News item one: Novartis injects nearly $10 billion to acquire The Medicines Company. News item two: BlackRock Group makes a $2 billion major investment in Alnylam.
Both news items are related to Inclisiran, a small interfering RNA (siRNA) drug used for lipid-lowering therapy. The interval between the first and second doses is three months, followed by dosing intervals of up to six months for subsequent administrations. This ultra-long-acting medication holds potentially disruptive significance in the field of lipid management and even in the broader realm of chronic disease treatment.
Oligonucleotide drugs mainly fall into two categories: siRNA and antisense oligonucleotides. Both small molecules and antibodies act at the protein level. In contrast, the mechanisms of action of these two classes of oligonucleotide drugs differ from those of small molecules and antibodies; they do not target proteins but instead act at the level of mRNA, the assembly line for protein synthesis.
Since the founding of Ionis, the antisense oligonucleotide R&D company, in 1987, small nucleic acid drugs have undergone a 30-year long march. Over these three decades, small nucleic acid therapeutics have experienced numerous life-and-death challenges, emerging from the ashes to achieve their current promising outlook. To date, seven antisense oligonucleotide drugs and three siRNA drugs have been approved.

The development of oligonucleotide therapeutics as a pharmaceutical platform technology shares many similarities with the evolution of the antibody industry. Many have witnessed the rise of antibody drugs from their inception in 2001 to their current prominence, and in recent years, numerous individuals have entered this field.

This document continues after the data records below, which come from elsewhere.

(* Let $(\Sigma,E)$ be an algebraic theory and $(\Sigma^{\mathrm{s}},E^{\mathrm{s}})$ the associated theory. For all $\Sigma$-terms $t(v_1,\dots,v_n),s(v_1,\dots,v_n)$ over $\mathrm{Var}$: if $E\vdash t(v_1,\dots,v_n)=s(v_1,\dots,v_n)$, then $E^{\mathrm{s}}\vdash t(\mathsf{a}v_1,\dots,\mathsf{a}v_n)=s(\mathsf{a}v_1,\dots,\mathsf{a}v_n)$.
   Context: $\mathrm{Var}=\{v_1,v_2,\dots\}$ is a fixed set of variables; $E\vdash s=t$ means the equation is derivable from $E$ in equational logic (axioms, reflexivity, symmetry, transitivity, congruence, substitution). Given $(\Sigma,E)$, the theory $(\Sigma^{\mathrm{s}},E^{\mathrm{s}})$ has signature $\Sigma^{\mathrm{s}}=\Sigma\uplus\{\mathsf{a}:1\}$ and equations $E^{\mathrm{s}}$ consisting of: $\mathsf{a}\mathsf{a}v_1=\mathsf{a}v_1$; $\mathsf{a}(\mathsf{op}(v_1,\dots,v_n))=\mathsf{op}(v_1,\dots,v_n)$ and $\mathsf{op}(\mathsf{a}v_1,\dots,\mathsf{a}v_n)=\mathsf{op}(v_1,\dots,v_n)$ for every $(\mathsf{op}:n)\in\Sigma$; and $t(\mathsf{a}v_1,\dots,\mathsf{a}v_n)=s(\mathsf{a}v_1,\dots,\mathsf{a}v_n)$ for every equation $t(v_1,\dots,v_n)=s(v_1,\dots,v_n)$ in $E$. *)

From mathcomp Require Import all_boot.
Set Implicit Arguments. Unset Strict Implicit. Unset Printing Implicit Defensive.

Record signature := Signature { op_sym :> Type ; arity : op_sym -> nat }.

(* Terms over Var = {v_1, v_2, ...}; variable v_(k+1) is [tvar k]. *)
Inductive term (S : signature) : Type :=
| tvar : nat -> term S
| top : forall o : S, ('I_(arity o) -> term S) -> term S.
Arguments tvar {S} _.
Arguments top {S} o _.

Fixpoint subst (S : signature) (sigma : nat -> term S) (t : term S) : term S :=
  match t with
  | tvar k => sigma k
  | top o args => top o (fun i => subst sigma (args i))
  end.

Definition equations (S : signature) := term S -> term S -> Prop.

Inductive derivable (S : signature) (E : equations S) : term S -> term S -> Prop :=
| d_ax : forall s t, E s t -> derivable E s t
| d_refl : forall t, derivable E t t
| d_sym : forall s t, derivable E s t -> derivable E t s
| d_trans : forall s t u, derivable E s t -> derivable E t u -> derivable E s u
| d_cong : forall (o : S) (a b : 'I_(arity o) -> term S),
    (forall i, derivable E (a i) (b i)) -> derivable E (top o a) (top o b)
| d_subst : forall (sigma : nat -> term S) s t,
    derivable E s t -> derivable E (subst sigma s) (subst sigma t).

(* The extended signature Sigma^s = Sigma + {a : 1}; [None] is the symbol a. *)
Definition sig_s (S : signature) : signature :=
  @Signature (option S) (fun o => match o with None => 1 | Some o' => arity o' end).

Definition aop (S : signature) (t : term (sig_s S)) : term (sig_s S) :=
  @top (sig_s S) None (fun _ => t).

Fixpoint embed (S : signature) (t : term S) : term (sig_s S) :=
  match t with
  | tvar k => tvar k
  | top o args => @top (sig_s S) (Some o) (fun i => embed (args i))
  end.

(* The substitution v_i |-> a v_i, i.e. t(v_1..v_n) |-> t(a v_1, .., a v_n). *)
Definition a_vars (S : signature) : nat -> term (sig_s S) :=
  fun k => aop (tvar k).

Definition op_generic (S : signature) (o : S) : term (sig_s S) :=
  @top (sig_s S) (Some o) (fun i => tvar (nat_of_ord i)).

Inductive eqs_s (S : signature) (E : equations S) : equations (sig_s S) :=
| es_aa : eqs_s E (aop (aop (tvar 0))) (aop (tvar 0))
| es_a_op : forall o : S, eqs_s E (aop (op_generic o)) (op_generic o)
| es_op_a : forall o : S, eqs_s E (subst (@a_vars S) (op_generic o)) (op_generic o)
| es_E : forall t s, E t s ->
    eqs_s E (subst (@a_vars S) (embed t)) (subst (@a_vars S) (embed s)).

(** The translation [t ↦ t(a v_1, ..., a v_n)] commutes with every rule of
    equational logic except substitution on the nose.  For substitution one
    needs [t(a v)[a σ(v)] = (t[σ])(a v)], which holds up to [E^s] because [a] is
    absorbed by every translated term: [a a v = a v] for variables and
    [a op(...) = op(...)] for operation terms. *)
From mathcomp Require Import all_boot.
Set Implicit Arguments. Unset Strict Implicit.

Lemma derivable_top_eq (S : signature) (E : equations S) (o : S)
    (a b : 'I_(arity o) -> term S) :
  a =1 b -> derivable E (top o a) (top o b).
Proof. by move=> eq_ab; apply: d_cong => i; rewrite eq_ab; apply: d_refl. Qed.

(* Turns an argument family into a substitution, so that [op_generic o] can be
   instantiated to any operation term with head [Some o]. *)
Definition ord_ext (T : Type) (x0 : T) (n : nat) (f : 'I_n -> T) (k : nat) : T :=
  if insub k is Some i then f i else x0.

Lemma ord_extE (T : Type) (x0 : T) (n : nat) (f : 'I_n -> T) (i : 'I_n) :
  ord_ext x0 f i = f i.
Proof. by rewrite /ord_ext valK. Qed.

Section ATranslation.

Variables (S : signature) (E : equations S).

Local Notation derivable_s := (derivable (eqs_s E)).

Definition embed_a (t : term S) : term (sig_s S) := subst (@a_vars S) (embed t).

Lemma aop_embed_a (u : term S) : derivable_s (aop (embed_a u)) (embed_a u).
Proof.
case: u => [k|o args]; first exact: (d_subst (fun=> tvar k) (d_ax (es_aa E))).
pose sigma := ord_ext (tvar 0) (fun i => embed_a (args i)).
have inst : derivable_s (subst sigma (op_generic o)) (embed_a (top o args)).
  by apply: derivable_top_eq => i; apply: ord_extE.
apply: (d_trans _ inst); apply: d_trans (d_subst sigma (d_ax (es_a_op E o))).
by apply: d_cong => _; apply: d_sym inst.
Qed.

Lemma embed_a_subst (sigma : nat -> term S) (r : term S) :
  derivable_s (subst (embed_a \o sigma) (embed_a r)) (embed_a (subst sigma r)).
Proof.
elim: r => [k|o args IH]; first exact: aop_embed_a.
by apply: d_cong => i; apply: IH.
Qed.

End ATranslation.

Theorem lemma7 (S : signature) (E : equations S) (t s : term S) :
  derivable E t s ->
  derivable (eqs_s E) (subst (@a_vars S) (embed t)) (subst (@a_vars S) (embed s)).
Proof.
elim=> {t s} [s t /es_E /d_ax //|t|s t _|s t u _ + _|o a b _ IH|sigma s t _ IH].
- exact: d_refl.
- exact: d_sym.
- exact: d_trans.
- by apply: d_cong => i; apply: IH.
- apply: d_trans (embed_a_subst E sigma t).
  apply: d_trans (d_sym (embed_a_subst E sigma s)) _.
  exact: d_subst IH.
Qed.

If small nucleic acid drugs are benchmarked against the development trajectory of antibody drugs, the current assessment is that they are at the industrial development level of antibody drugs in 2001 (indicated by the red circle): key technologies have been breakthrough, and blockbuster products are beginning to emerge, with the industry on the verge of an explosive growth period.
Given the numerous advantages of small nucleic acid drugs, they are likely to catch up and surpass others in the next decade, forming a market worth tens of billions of dollars. This is why small nucleic acid drugs have become a highly contested area in the global pharmaceutical industry.

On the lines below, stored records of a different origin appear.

(* Let $s\ge 1$, $m=\lfloor (s+1)/2\rfloor$, let $A=(a_{ij})$ be a real $s\times s$ matrix and $b\in\mathbb{R}^s$ with $b_i>0$ for all $i$, satisfying (i) $b_i a_{ij}+b_j a_{ji}-b_ib_j=0$ for $1\le i,j\le s$, and (ii) $b_{s+1-i}=b_i$ for $1\le i\le s$ and $b_j=a_{s+1-i,s+1-j}+a_{ij}$ for $1\le i,j\le s$. Let $B=\mathrm{diag}(b_1,\dots,b_s)$, $e_s=(1,\dots,1)^T\in\mathbb{R}^s$, and $\bar A=(\bar a_{ij})$ with $\bar a_{ij}=a_{ij}-b_j/2$. Let $P=(P_1\ P_2)$ be the orthogonal $s\times s$ matrix, with $P_1$ of size $s\times m$ and $P_2$ of size $s\times(s-m)$, such that for $x\in\mathbb{R}^s$, $P_1^Tx=(y_1,\dots,y_m)^T$ and $P_2^Tx=(y_{m+1},\dots,y_s)^T$, where $y_i=\tfrac{\sqrt2}{2}(x_{s+1-i}+x_i)$ for $1\le i\le\lfloor s/2\rfloor$, $y_m=x_m$ if $s$ is odd, and $y_i=\tfrac{\sqrt2}{2}(x_{s+1-i}-x_i)$ for $m+1\le i\le s$. Let $K=P_1^TB^{1/2}\bar AB^{-1/2}P_2\in\mathbb{R}^{m\times(s-m)}$ and let $K=UDV^T$ be a singular value decomposition, with $U\in\mathbb{R}^{m\times m}$, $V\in\mathbb{R}^{(s-m)\times(s-m)}$ orthogonal and $D\in\mathbb{R}^{m\times(s-m)}$ having diagonal entries $D_{ii}=\sigma_i\ge0$ ($1\le i\le s-m$) and zeros elsewhere; if $s$ is odd set $\sigma_m=0$. Let $Q_1=B^{-1/2}P_1U$, $Q_2=B^{-1/2}P_2V$, and $(\alpha_1,\dots,\alpha_m)^T=Q_1^TBe_s$. Let $h\in\mathbb{R}$, $J\in\mathbb{R}^{d\times d}$ and $r\in\mathbb{R}^{sd}$. Assume the matrices $I_d+h^2\sigma_i^2J^2$ ($1\le i\le m$) are invertible and that $$M=I_d-J\,\frac h2\sum_{i=1}^m\alpha_i^2\,(I_d+h^2\sigma_i^2J^2)^{-1}$$ is invertible. Define $R=(Q_1^TB\otimes I_d)\,r+h\,(DQ_2^TB\otimes J)\,r\in\mathbb{R}^{md}$ with blocks $R_1,\dots,R_m\in\mathbb{R}^d$; define $\Delta z\in\mathbb{R}^d$ as the solution of $M\,\Delta z=h\,J\sum_{i=1}^m\alpha_i(I_d+h^2\sigma_i^2J^2)^{-1}R_i$; define $W_i=(I_d+h^2\sigma_i^2J^2)^{-1}\big(R_i+\tfrac{\alpha_i}{2}\Delta z\big)$ for $1\le i\le m$ and $W'=(W_1^T,\dots,W_m^T)^T$; define $W''=-h\,(D^T\otimes J)\,W'+(Q_2^TB\otimes I_d)\,r\in\mathbb{R}^{(s-m)d}$; and set $\Delta Y=(Q_1\otimes I_d)W'+(Q_2\otimes I_d)W''$. Then $\Delta Y$ is the unique solution of the linear system $$\left(I_s\otimes I_d-h\,A\otimes J\right)\Delta Y=r .$$
   Context: $A,b$ are the coefficients of an $s$-stage implicit Runge–Kutta scheme; condition (i) is symplecticity and (ii) is symmetry (e.g. Gauss collocation methods satisfy both). $\otimes$ denotes the Kronecker product, and $B^{\pm1/2}$ denote the diagonal matrices with entries $b_i^{\pm1/2}$. The system $(I_s\otimes I_d-hA\otimes J)\Delta Y=r$ is the simplified linear system arising in simplified Newton iterations for the stage equations. *)

From mathcomp Require Import all_boot all_order all_algebra.
From mathcomp Require Export mxtens.
Set Implicit Arguments. Unset Strict Implicit. Unset Printing Implicit Defensive.
Import Order.TTheory GRing.Theory Num.Theory.
Local Open Scope ring_scope.

(* Indices are 0-based: paper index i (1..s) corresponds to ordinal i-1;
   paper index s+1-i corresponds to rev_ord.  The Kronecker product is
   mxtens's [tensmx] (row index (i,k) |-> i*d+k), so block i of a vector
   in R^{md} consists of entries i*d .. i*d+d-1. *)

Section RKDefs.
Variable R : rcfType.

Definition mhalf (s : nat) : nat := (s.+1)./2.

(* Entry (i,j) (0-based) of P^T, where P^T x = y as in the paper. *)
Definition PTentry (s i j : nat) : R :=
  let c : R := Num.sqrt 2 / 2 in
  if (i < s./2)%N then c * ((j == (s.-1 - i)%N)%:R + (j == i)%:R)
  else if (i < mhalf s)%N then (j == i)%:R
  else c * ((j == (s.-1 - i)%N)%:R - (j == i)%:R).

Definition P1T (s : nat) : 'M[R]_(mhalf s, s) := \matrix_(i, j) PTentry s i j.
Definition P2T (s : nat) : 'M[R]_(s - mhalf s, s) :=
  \matrix_(i, j) PTentry s (mhalf s + i) j.
Definition P1 (s : nat) : 'M[R]_(s, mhalf s) := (P1T s)^T.
Definition P2 (s : nat) : 'M[R]_(s, s - mhalf s) := (P2T s)^T.

Definition Bmx s (b : 'I_s -> R) : 'M[R]_s := diag_mx (\row_i b i).
Definition Bsqrt s (b : 'I_s -> R) : 'M[R]_s := diag_mx (\row_i Num.sqrt (b i)).
Definition Bisqrt s (b : 'I_s -> R) : 'M[R]_s :=
  diag_mx (\row_i (Num.sqrt (b i))^-1).

Definition Abar s (A : 'M[R]_s) (b : 'I_s -> R) : 'M[R]_s :=
  \matrix_(i, j) (A i j - b j / 2).

Definition Kmx s (A : 'M[R]_s) (b : 'I_s -> R) : 'M[R]_(mhalf s, s - mhalf s) :=
  P1T s *m Bsqrt b *m Abar A b *m Bisqrt b *m P2 s.

Definition Dmx s (sigma : 'I_(mhalf s) -> R) : 'M[R]_(mhalf s, s - mhalf s) :=
  \matrix_(i, j) (if (i : nat) == j then sigma i else 0).

Definition Q1 s (b : 'I_s -> R) (U : 'M[R]_(mhalf s)) : 'M[R]_(s, mhalf s) :=
  Bisqrt b *m P1 s *m U.
Definition Q2 s (b : 'I_s -> R) (V : 'M[R]_(s - mhalf s)) : 'M[R]_(s, s - mhalf s) :=
  Bisqrt b *m P2 s *m V.

Definition alpha s (b : 'I_s -> R) (U : 'M[R]_(mhalf s)) : 'cV[R]_(mhalf s) :=
  (Q1 b U)^T *m Bmx b *m const_mx 1.

Definition Nmx d (h : R) (J : 'M[R]_d) (sg : R) : 'M[R]_d :=
  1%:M + (h ^+ 2 * sg ^+ 2) *: (J *m J).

Small nucleic acid drugs represent the most likely breakthrough for China to establish a localized advantage in innovative pharmaceuticals. Whether this breakthrough can be achieved depends on our collective efforts.
The landscape of innovative drugs has evolved from an era dominated solely by small molecules to the present day, where small molecules and antibodies each account for half of the top ten best-selling drugs. It is projected that after another decade or so of development, the innovative drug landscape may shift to a tripartite structure comprising small molecules, antibodies, and small nucleic acids. Small nucleic acid therapeutics are poised to trigger the third wave in modern pharmaceuticals.

02
Oligonucleotide Therapeutics: The Third Wave of Modern Pharmaceuticals
Why Have Small Nucleic Acid Drugs Become the Third Wave of Modern Pharmaceutical Development? Because small nucleic acid drugs possess many advantages that small-molecule drugs and antibody drugs do not. First, the broad range of targets for small nucleic acid drugs gives them enormous potential. Currently, more than 2,000 target genes are known, but only 400–500 of them are truly druggable.

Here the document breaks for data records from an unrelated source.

(* Let $m,n\in\mathbb{N}$, $T=\{1,\dots,m\}$, and let $\mathcal{F}:\mathbb{R}^{m\times n}\times\mathbb{R}^m\rightrightarrows\mathbb{R}^n$ be given by $\mathcal{F}(A,b)=\{x\in\mathbb{R}^n\mid Ax\le b\}$. Let $(\bar A,\bar b)$ satisfy $\mathcal{F}(\bar A,\bar b)\neq\emptyset$. Then $$\operatorname{Lipusc}\mathcal{F}(\bar A,\bar b)=\lim_{\delta\downarrow 0}\ \sup\left\{\frac{(\|x\|+1)\,\operatorname{dist}\big(x,\mathcal{F}(\bar A,\bar b)\big)}{\|(\bar Ax-\bar b)_+\|_\infty}\ \Bigg|\ x\in\mathbb{R}^n,\ \|(\bar Ax-\bar b)_+\|_\infty\le\delta(\|x\|+1)\right\},$$ where the limit exists in $[0,+\infty]$.
   Context: $\mathbb{R}^n$ carries an arbitrary norm $\|\cdot\|$ with dual norm $\|u\|_*=\max_{\|x\|\le1}|u'x|$. $\mathbb{R}^m$ carries $\|b\|_\infty=\max_t|b_t|$. The parameter space $\mathbb{R}^{m\times n}\times\mathbb{R}^m$ carries the norm $\|(A,b)\|=\max_{t\in T}\max\{\|a_t\|_*,|b_t|\}$, where $a_t'$ is the $t$-th row of $A$. $(\bar Ax-\bar b)_+$ is the vector with components $\max\{\bar a_t'x-\bar b_t,0\}$. $\operatorname{dist}(x,\Omega)=\inf_{\omega\in\Omega}\|x-\omega\|$, with $\inf\emptyset=+\infty$; the convention $0/0:=0$ is used. For a set-valued map $\mathcal{M}:Y\rightrightarrows X$ between metric spaces and $\bar y$ with $\mathcal{M}(\bar y)\ne\emptyset$, the Lipschitz upper semicontinuity modulus $\operatorname{Lipusc}\mathcal{M}(\bar y)$ is the infimum of all $\kappa\ge0$ for which there is a neighborhood $V$ of $\bar y$ with $\operatorname{dist}(x,\mathcal{M}(\bar y))\le\kappa\operatorname{dist}(y,\bar y)$ for all $y\in V$ and all $x\in\mathcal{M}(y)$ (infimum of the empty set is $+\infty$). *)

From HB Require Import structures.
From mathcomp Require Import all_boot all_order all_algebra.
From mathcomp Require Import all_classical all_reals all_analysis.
Set Implicit Arguments. Unset Strict Implicit. Unset Printing Implicit Defensive.
Import Order.TTheory GRing.Theory Num.Theory.
Local Open Scope classical_set_scope.
Local Open Scope ring_scope.

Section Defs.
Variables (R : realType) (m n : nat).

Definition is_norm (N : 'cV[R]_n -> R) : Prop :=
  (forall x, N x = 0 -> x = 0) /\
  (forall (c : R) x, N (c *: x) = `|c| * N x) /\
  (forall x y, N (x + y) <= N x + N y).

As for small nucleic acids, since they act at the mRNA level, and the mRNAs of different target genes are very similar in their susceptibility to targeting despite differences in sequence, small nucleic acid drugs have a rich array of targets and can treat a broad spectrum of diseases. Secondly, the mechanism of small nucleic acid drugs is groundbreaking. These drugs will make many previously untreatable diseases treatable, transitioning treatments from short-acting to long-acting and even ultra-long-acting formulations.
As previously mentioned, inclisiran is administered via injection once every six months, yet this does not represent the longest duration of efficacy achievable with small nucleic acid drugs. From a technical perspective, annual dosing is highly feasible. This advancement would usher in a revolutionary shift in the management models for chronic diseases. Furthermore, small nucleic acid therapeutics offer the advantage of digital design.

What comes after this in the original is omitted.